Page last updated at 08:43 GMT, Monday, 25 August 2008 09:43 UK

Black youths 'being left to die'

Dimitri Foskin
Dimitri Foskin was shot dead in Birmingham on Saturday night

Politicians are "leaving black youths to die" by cutting funding to community groups, an independent adviser to the Home Office has said.

Dr Derrick Campbell's comments follow the violent deaths of three young men within 24 hours in Birmingham, Wolverhampton and London.

Dr Campbell told the BBC that funds earmarked for community cohesion were not going to the right organisations.

The Home Office said it was committed to tackling gun and knife crime.

We have to ask the question whether there seems to be an acceptance that if another black youth is killed they are just another one that we don't have to worry about
Dr Derrick Campbell

Dr Campbell, chairman of the National Independent Advisory Group on Criminal Use of Firearms, which advises the Home Office and the security services, said some organisations which were successful in tackling such crime had suddenly had funding cut.

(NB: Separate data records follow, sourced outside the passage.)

(* Let $X\subset\mathbb C^s$ be finite and let $A\subset\mathbb N_0^s$ be a finite set such that $\Pi_A$ is a degree reducing interpolation space for $X$. Then there exists an inner product $(\cdot,\cdot)$ on $\Pi$ such that the set of polynomials that are reduced with respect to $(\cdot,\cdot)$ and the ideal $I_X$ is exactly $\Pi_A$ (i.e. $\Pi_A=r(\Pi)$, the range of the associated reduction/normal form map).
   Context: $\Pi=\mathbb C[x_1,\dots,x_s]$, $\deg$ is total degree with $\deg 0<0$; $\Pi_j^0$ is the space of homogeneous polynomials of degree exactly $j$ (together with $0$). For $A\subset\mathbb N_0^s$, $\Pi_A$ is the span of $x^\alpha$, $\alpha\in A$. $I_X=\{p\in\Pi:p(x)=0\ \forall x\in X\}$. A subspace $\mathcal P\subseteq\Pi$ is a degree reducing interpolation space for $X$ if for every $q\in\Pi$ there is exactly one $p\in\mathcal P$ with $p|_X=q|_X$, and this $p$ satisfies $\deg p\le\deg q$. For $p\neq0$ write $p=\sum_{j=0}^{\deg p}p_j$ with $p_j\in\Pi_j^0$ its homogeneous components, and let $\Lambda(p)=p_{\deg p}$ be its leading form. Given an inner product $(\cdot,\cdot)$ on $\Pi$, a polynomial $p$ is called reduced (with respect to $(\cdot,\cdot)$ and $I_X$) if for every $j$ the component $p_j$ is orthogonal to every leading form $\Lambda(q)$ with $q\in I_X\setminus\{0\}$, $\deg q=j$. *)

From HB Require Import structures.
From mathcomp Require Import all_boot all_order all_algebra.
From mathcomp Require Import finmap mpoly.
Set Implicit Arguments. Unset Strict Implicit. Unset Printing Implicit Defensive.
Import Order.TTheory GRing.Theory Num.Theory.
Local Open Scope ring_scope.

(* The complex field is modelled by an arbitrary numClosedFieldType C
   (algebraically closed field with conjugation and the induced partial order,
   e.g. algC, or complex R for a real closed R). *)

Definition inner_product (C : numClosedFieldType) (s : nat)
    (ip : {mpoly C[s]} -> {mpoly C[s]} -> C) : Prop :=
  [/\ forall (a : C) (p q r : {mpoly C[s]}), ip (a *: p + q) r = a * ip p r + ip q r,
      forall p q : {mpoly C[s]}, ip p q = (ip q p)^*
    & forall p : {mpoly C[s]}, p != 0 -> 0 < ip p p].

Definition evalpt (C : numClosedFieldType) (s : nat) (x : 'rV[C]_s)
    (p : {mpoly C[s]}) : C := p.@[fun i => x ord0 i].

Definition in_IX (C : numClosedFieldType) (s : nat) (X : seq 'rV[C]_s)
    (p : {mpoly C[s]}) : Prop :=
  forall x, x \in X -> evalpt x p = 0.

Definition agree_on (C : numClosedFieldType) (s : nat) (X : seq 'rV[C]_s)
    (p q : {mpoly C[s]}) : Prop :=
  forall x, x \in X -> evalpt x p = evalpt x q.

(* Pi_A = span of the monomials x^alpha, alpha in A *)
Definition in_PiA (C : numClosedFieldType) (s : nat) (A : seq 'X_{1..s})
    (p : {mpoly C[s]}) : Prop :=
  {subset msupp p <= A}.

(* Degree reducing interpolation space.  Total degree is encoded by msize
   (msize p = deg p + 1, msize 0 = 0, matching deg 0 < 0). *)
Definition deg_reducing_interp (C : numClosedFieldType) (s : nat)
    (P : {mpoly C[s]} -> Prop) (X : seq 'rV[C]_s) : Prop :=
  forall q : {mpoly C[s]},
    (exists p, [/\ P p, agree_on X p q & msize p <= msize q]%N) /\
    (forall p1 p2, P p1 -> P p2 -> agree_on X p1 q -> agree_on X p2 q -> p1 = p2).

Definition hcomp (C : numClosedFieldType) (s : nat) (j : nat)
    (p : {mpoly C[s]}) : {mpoly C[s]} :=
  pihomog (@mdeg s) j p.

Definition leadform (C : numClosedFieldType) (s : nat) (p : {mpoly C[s]})
  : {mpoly C[s]} := hcomp (msize p).-1 p.

Definition reduced (C : numClosedFieldType) (s : nat)
    (ip : {mpoly C[s]} -> {mpoly C[s]} -> C) (X : seq 'rV[C]_s)
    (p : {mpoly C[s]}) : Prop :=
  forall (j : nat) (q : {mpoly C[s]}),
    in_IX X q -> q != 0 -> (msize q).-1 = j ->
    ip (hcomp j p) (leadform q) = 0.

From HB Require Import structures.
From mathcomp Require Import all_boot all_order all_algebra.
From mathcomp Require Import finmap mpoly.
From Stdlib Require Import ClassicalEpsilon.
Set Implicit Arguments. Unset Strict Implicit. Unset Printing Implicit Defensive.
Import Order.TTheory GRing.Theory Num.Theory.
Local Open Scope ring_scope.

(* Let L q be the interpolant of q in Pi_A and let G map each homogeneous
   component p_j of p to (L p_j)_j.  Degree reduction makes G kill the leading
   form of every q in I_X, since L (Lambda q) = L (Lambda q - q) has degree
   < deg q; and G fixes every homogeneous element of Pi_A.  With the
   coefficient inner product <.,.>, take (p, q) := <G p, G q> + <p - G p, q - G q>.
   A homogeneous h in Pi_A is then orthogonal to every leading form of I_X.
   Conversely, if h = p_j is, then q := h - L h lies in I_X and, unless
   G h = h, has leading form h - G h; orthogonality gives <h - G h, h - G h> = 0,
   so h = G h = (L h)_j lies in Pi_A. *)

Section HomogeneousComponents.
Variables (C : numClosedFieldType) (s : nat).
Implicit Types (p q : {mpoly C[s]}) (m : 'X_{1..s}).

Lemma mcoeff_hcomp j p m : (hcomp j p)@_m = if mdeg m == j then p@_m else 0.
Proof.
have [<-|ne] := eqVneq (mdeg m) j; last exact: dhomog_nemf_coeff (pihomogP _ _ _) ne.
rewrite {2}[p]mpolyE /hcomp pihomogE !raddf_sum /=.
apply: eq_bigl_supp => m'; rewrite inE mcoeffZ mcoeffX.
by case: (m' =P m) => [->|_]; rewrite ?eqxx // mulr0 eqxx.
Qed.

Lemma msupp_hcomp j p m : (m \in msupp (hcomp j p)) = (mdeg m == j) && (m \in msupp p).
Proof. by rewrite !mcoeff_msupp mcoeff_hcomp; case: (mdeg m =P j); rewrite ?eqxx. Qed.

Lemma hcompK i j p : hcomp i (hcomp j p) = if i == j then hcomp j p else 0.
Proof.
have [->|ij] := eqVneq i j; first exact: pihomog_id.
by apply: pihomog_ne0 (pihomogP _ _ _); rewrite eq_sym.
Qed.

Lemma linear_hcomp j : linear (@hcomp C s j).
Proof. exact: linearP. Qed.

Lemma hcompB j p q : hcomp j (p - q) = hcomp j p - hcomp j q.
Proof. exact: raddfB. Qed.

Lemma msize_le_mdeg k p : (forall m, m \in msupp p -> mdeg m < k)%N -> (msize p <= k)%N.
Proof. by move=> lt_k; rewrite msizeE; apply/bigmax_leqP_seq => m /lt_k. Qed.

Lemma msize_hcomp j p : (msize (hcomp j p) <= j.+1)%N.
Proof. by apply: msize_le_mdeg => m; rewrite msupp_hcomp => /andP[/eqP-> _]. Qed.

Lemma hcomp_default j p : (msize p <= j)%N -> hcomp j p = 0.
Proof.
move=> le_p_j; apply/mpolyP => m; rewrite mcoeff_hcomp mcoeff0.
case: eqP => // deg_m; apply/eqP; rewrite -[_ == 0]negbK -mcoeff_msupp.
by apply: msize_mdeg_ge; rewrite deg_m.
Qed.

Lemma msize_sub_leadform p : (msize (p - leadform p) <= (msize p).-1)%N.
Proof.
apply: msize_le_mdeg => m; rewrite mcoeff_msupp mcoeffB mcoeff_hcomp.
case: (mdeg m =P _) => [_|deg_m]; first by rewrite subrr eqxx.
rewrite subr0 -mcoeff_msupp => /msize_mdeg_lt.
by case: (msize p) deg_m => // k deg_m; rewrite ltnS leq_eqVlt => /predU1P[].
Qed.

End HomogeneousComponents.

Section CoefficientInnerProduct.
Variables (C : numClosedFieldType) (s : nat).
Implicit Types (p q r : {mpoly C[s]}).

Definition mdot p q : C := \sum_(m <- msupp p) p@_m * (q@_m)^*.

Lemma mdotE (ms : seq 'X_{1..s}) p q : uniq ms -> {subset msupp p <= ms} ->
  mdot p q = \sum_(m <- ms) p@_m * (q@_m)^*.
Proof.
move=> uniq_ms supp_p; apply: perm_big_supp; apply: uniq_perm; rewrite ?filter_uniq //.
move=> m; rewrite !mem_filter; case: eqP => //= /eqP.
by rewrite mulf_eq0 negb_or mcoeff_msupp => /andP[pm _]; rewrite pm supp_p ?mcoeff_msupp.
Qed.

Lemma mdotDZl a p q r : mdot (a *: p + q) r = a * mdot p r + mdot q r.
Proof.
set S := undup (msupp p ++ msupp q ++ msupp (a *: p + q)).
have [Sp Sq Spq] : [/\ {subset msupp p <= S}, {subset msupp q <= S}
                     & {subset msupp (a *: p + q) <= S}].
  by split=> m m_in; rewrite mem_undup !mem_cat m_in ?orbT.
have uniq_S : uniq S by apply: undup_uniq.
rewrite (mdotE _ uniq_S Sp) (mdotE _ uniq_S Sq) (mdotE _ uniq_S Spq).
rewrite mulr_sumr -big_split; apply: eq_bigr => m _ /=.
by rewrite mcoeffD mcoeffZ mulrDl mulrA.
Qed.

Lemma mdotC p q : mdot p q = (mdot q p)^*.
Proof.
set S := undup (msupp p ++ msupp q).
have [Sp Sq] : {subset msupp p <= S} /\ {subset msupp q <= S}.
  by split=> m m_in; rewrite mem_undup mem_cat m_in ?orbT.
have uniq_S : uniq S by apply: undup_uniq.
rewrite (mdotE _ uniq_S Sp) (mdotE _ uniq_S Sq) rmorph_sum.
by apply: eq_bigr => m _; rewrite rmorphM /= conjCK mulrC.
Qed.

Lemma mdot0l p : mdot 0 p = 0.
Proof. by rewrite /mdot msupp0 big_nil. Qed.

Lemma mdot0r p : mdot p 0 = 0.
Proof. by rewrite mdotC mdot0l conjC0. Qed.

Lemma mdot_ge0 p : 0 <= mdot p p.
Proof. by apply: sumr_ge0 => m _; apply: mul_conjC_ge0. Qed.

Lemma mdot_eq0 p : (mdot p p == 0) = (p == 0).
Proof.
apply/idP/eqP => [|->]; last by rewrite mdot0l.
rewrite psumr_eq0 => [/allP p0|m _]; last exact: mul_conjC_ge0.
apply/mpolyP => m; rewrite mcoeff0; apply/eqP.
have [/p0 /=|] := boolP (m \in msupp p); first by rewrite mul_conjC_eq0.
by rewrite mcoeff_msupp negbK.
Qed.

Definition split_mdot (f : {mpoly C[s]} -> {mpoly C[s]}) p q : C :=
  mdot (f p) (f q) + mdot (p - f p) (q - f q).

Lemma split_mdot_inner_product f : linear f -> inner_product (split_mdot f).
Proof.
move=> lin_f; split.
- move=> a p q r; rewrite /split_mdot lin_f.
  have -> : a *: p + q - (a *: f p + f q) = a *: (p - f p) + (q - f q).
    by rewrite opprD addrACA scalerBr.
  by rewrite !mdotDZl mulrDr addrACA.
- by move=> p q; rewrite /split_mdot rmorphD /= -!mdotC.
- move=> p p_nz; rewrite /split_mdot lt_def paddr_eq0 ?addr_ge0 ?mdot_ge0 // andbT.
  rewrite !mdot_eq0 subr_eq0; apply: contra p_nz => /andP[/eqP f0 /eqP ->].
  by rewrite f0.
Qed.

Lemma split_mdot_ker f p q : f q = 0 -> split_mdot f p q = mdot (p - f p) q.
Proof. by move=> f0; rewrite /split_mdot f0 mdot0r add0r subr0. Qed.

End CoefficientInnerProduct.

Section InterpolationSpace.
Variables (C : numClosedFieldType) (s : nat) (X : seq 'rV[C]_s) (A : seq 'X_{1..s}).
Implicit Types (p q : {mpoly C[s]}).

Lemma evalptB (x : 'rV[C]_s) p q : evalpt x (p - q) = evalpt x p - evalpt x q.
Proof. exact: mevalB. Qed.

Lemma evalptDZ (x : 'rV[C]_s) a p q :
  evalpt x (a *: p + q) = a * evalpt x p + evalpt x q.
Proof. by rewrite /evalpt mevalD mevalZ. Qed.

Lemma in_PiA0 : in_PiA A (0 : {mpoly C[s]}).
Proof. by move=> m; rewrite msupp0. Qed.

Lemma in_PiA_lin a p q : in_PiA A p -> in_PiA A q -> in_PiA A (a *: p + q).
Proof. by move=> pA qA m /msuppD_le; rewrite mem_cat => /orP[/msuppZ_le/pA|/qA]. Qed.

Lemma in_PiA_hcomp j p : in_PiA A p -> in_PiA A (hcomp j p).
Proof. by move=> pA m; rewrite msupp_hcomp => /andP[_ /pA]. Qed.

Hypothesis deg_red : deg_reducing_interp (in_PiA A) X.

Definition interp q : {mpoly C[s]} :=
  proj1_sig (constructive_indefinite_description _ (proj1 (deg_red q))).

Lemma interpP q :
  [/\ in_PiA A (interp q), agree_on X (interp q) q & (msize (interp q) <= msize q)%N].
Proof. by rewrite /interp; case: constructive_indefinite_description. Qed.

Lemma interp_unique p q : in_PiA A p -> agree_on X p q -> interp q = p.
Proof. by have [iA iX _] := interpP q; move=> pA pX; apply: (proj2 (deg_red q)) pX. Qed.

Lemma interp_id p : in_PiA A p -> interp p = p.
Proof. by move=> pA; apply: interp_unique. Qed.

Lemma interp_agree q1 q2 : agree_on X q1 q2 -> interp q1 = interp q2.
Proof.
have [iA iX _] := interpP q2.
by move=> q12; apply: interp_unique => // x x_X; rewrite iX // q12.
Qed.

Lemma linear_interp : linear interp.
Proof.
move=> a p q; have [pA pX _] := interpP p; have [qA qX _] := interpP q.
apply: interp_unique; first exact: in_PiA_lin.
by move=> x x_X; rewrite !evalptDZ pX // qX.
Qed.

Definition graded_interp p : {mpoly C[s]} :=
  \sum_(j < msize p) hcomp j (interp (hcomp j p)).

Lemma graded_interpE n p : (msize p <= n)%N ->
  graded_interp p = \sum_(j < n) hcomp j (interp (hcomp j p)).
Proof.
move=> le_p_n; rewrite /graded_interp.
rewrite (big_ord_widen _ (fun j => hcomp j (interp (hcomp j p))) le_p_n) big_mkcond.
apply: eq_bigr => j _; case: ltnP => // /hcomp_default ->.
by rewrite interp_id ?hcomp_default ?mmeasure0 //; apply: in_PiA0.
Qed.

Lemma linear_graded_interp : linear graded_interp.
Proof.
move=> a p q; set n := maxn (msize (a *: p + q)) (maxn (msize p) (msize q)).
have [le_apq le_p le_q] :
    [/\ msize (a *: p + q) <= n, msize p <= n & msize q <= n]%N.
  by rewrite /n !leq_max !leqnn !orbT.
rewrite !(graded_interpE le_apq, graded_interpE le_p, graded_interpE le_q).
rewrite scaler_sumr -big_split.
by apply: eq_bigr => j _; rewrite !linear_hcomp linear_interp linear_hcomp.
Qed.

Lemma graded_interp_hcomp j p : graded_interp (hcomp j p) = hcomp j (interp (hcomp j p)).
Proof.
rewrite (graded_interpE (msize_hcomp j p)) (bigD1 (Ordinal (ltnSn j))) //= hcompK eqxx.
rewrite big1 ?addr0 // => i ne_ij; rewrite hcompK ifN; last first.
  by apply: contra ne_ij => /eqP eq_ij; apply/eqP/val_inj.
by rewrite interp_id ?hcomp_default ?mmeasure0 //; apply: in_PiA0.
Qed.

Lemma graded_interp_leadform q : in_IX X q -> graded_interp (leadform q) = 0.
Proof.
move=> qX; rewrite /leadform graded_interp_hcomp.
have -> : interp (hcomp (msize q).-1 q) = interp (leadform q - q).
  by apply: interp_agree => x x_X; rewrite evalptB qX // subr0.
apply: hcomp_default; have [_ _ /leq_trans] := interpP (leadform q - q); apply.
by rewrite -opprB mmeasureN msize_sub_leadform.
Qed.

Local Notation ip := (split_mdot graded_interp).

Lemma PiA_reduced p : in_PiA A p -> reduced ip X p.
Proof.
move=> pA j q qX _ _; rewrite split_mdot_ker ?graded_interp_leadform //.
by rewrite graded_interp_hcomp (interp_id (in_PiA_hcomp pA)) hcompK eqxx subrr mdot0l.
Qed.

Lemma in_IX_sub_interp q : in_IX X (q - interp q).
Proof. by have [_ iX _] := interpP q; move=> x x_X; rewrite evalptB iX // subrr. Qed.

Lemma msize_sub_interp_hcomp j p : graded_interp (hcomp j p) != hcomp j p ->
  msize (hcomp j p - interp (hcomp j p)) = j.+1.
Proof.
move=> ne_h; have [_ _ le_i] := interpP (hcomp j p).
apply/eqP; rewrite eqn_leq; apply/andP; split.
  rewrite (leq_trans (msizeD_le _ _)) // msizeN geq_max msize_hcomp.
  exact: leq_trans le_i (msize_hcomp _ _).
rewrite ltnNge; apply: contra ne_h => /hcomp_default.
by rewrite hcompB hcompK eqxx graded_interp_hcomp => /eqP; rewrite subr_eq0 eq_sym.
Qed.

Lemma reduced_hcomp_fixed p j : reduced ip X p -> graded_interp (hcomp j p) = hcomp j p.
Proof.
move=> red; apply/eqP; apply: contraT => ne_h.
have size_q := msize_sub_interp_hcomp ne_h.
set h := hcomp j p in ne_h size_q *; set q := h - interp h in size_q *.
have lead_q : leadform q = h - graded_interp h.
  by rewrite /leadform size_q hcompB /h hcompK eqxx graded_interp_hcomp.
have q_nz : q != 0 by rewrite -msize_poly_eq0 size_q.
have qX : in_IX X q := in_IX_sub_interp h.
have Glead_q := graded_interp_leadform qX; rewrite lead_q in Glead_q.
have := red j q qX q_nz; rewrite size_q -/h lead_q => /(_ erefl).
rewrite split_mdot_ker // => /eqP.
by rewrite mdot_eq0 subr_eq0 eq_sym (negbTE ne_h).
Qed.

Lemma reduced_PiA p : reduced ip X p -> in_PiA A p.
Proof.
move=> red m m_p.
have : m \in msupp (hcomp (mdeg m) p) by rewrite msupp_hcomp eqxx.
rewrite -(reduced_hcomp_fixed _ red) graded_interp_hcomp.
by have [hA _ _] := interpP (hcomp (mdeg m) p); apply: in_PiA_hcomp hA _.
Qed.

End InterpolationSpace.

Theorem lemma37 (C : numClosedFieldType) (s : nat) (X : seq 'rV[C]_s)
    (A : seq 'X_{1..s}) :
  deg_reducing_interp (in_PiA (C := C) A) X ->
  exists ip : {mpoly C[s]} -> {mpoly C[s]} -> C,
    inner_product ip /\ (forall p, reduced ip X p <-> in_PiA A p).
Proof.
move=> deg_red; exists (split_mdot (graded_interp deg_red)); split.
  exact/split_mdot_inner_product/linear_graded_interp.
by move=> p; split; [apply: reduced_PiA | apply: PiA_reduced].
Qed.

"And we have to ask the question whether there seems to be an acceptance that if another black youth is killed they are just another one that we don't have to worry about," he said.

Dr Campbell went on to say there was hard evidence from community groups in the Birmingham area that their funding was being cut - a situation which he said was reflected nationally.

He claims the government is failing to ensure local councils get the money to the appropriate groups.

'Serious questions'

"Black youths within this country have been left to die. And that's a very strong statement but it's a statement that seems to be borne out through evidence about black youths who seem to be at the top of the list when it comes to our youngsters being killed," he said.

"Now we're asking very serious questions of national government and local government as to why it seems that resources that have been allocated for community cohesion and other activities have not been going to those organisations."

It matters profoundly, and it matters in every single instance whether the individual is black or white
Home Office minister Tony McNulty

Dr Campbell spoke out after the fatal shooting of Dimitri Foskin, 24, in the Newtown area of Birmingham on Saturday night and the deaths of a 21-year-old man in Wolverhampton and an 18-year-old man in Walthamstow, London, in stabbings early on Sunday morning.

Home Office minister Tony McNulty rejected Dr Campbell's accusations.

"Frankly what Derrick says is an insult to black groups and other community groups up and down the country who are being funded by local and central government and work in this area on a daily and regular basis," he said.

"I do need to knock down the notion that somehow there is a national conspiracy of at best indifference, and at worst active policy, that says somehow the death of young black men on our streets doesn't matter.

"It matters profoundly and it matters in every single instance whether the individual is black or white," he added.

A Home Office spokesman said that in July the government had launched a 100m Youth Crime Action Plan which included enforcement and prevention measures as well as support for parents.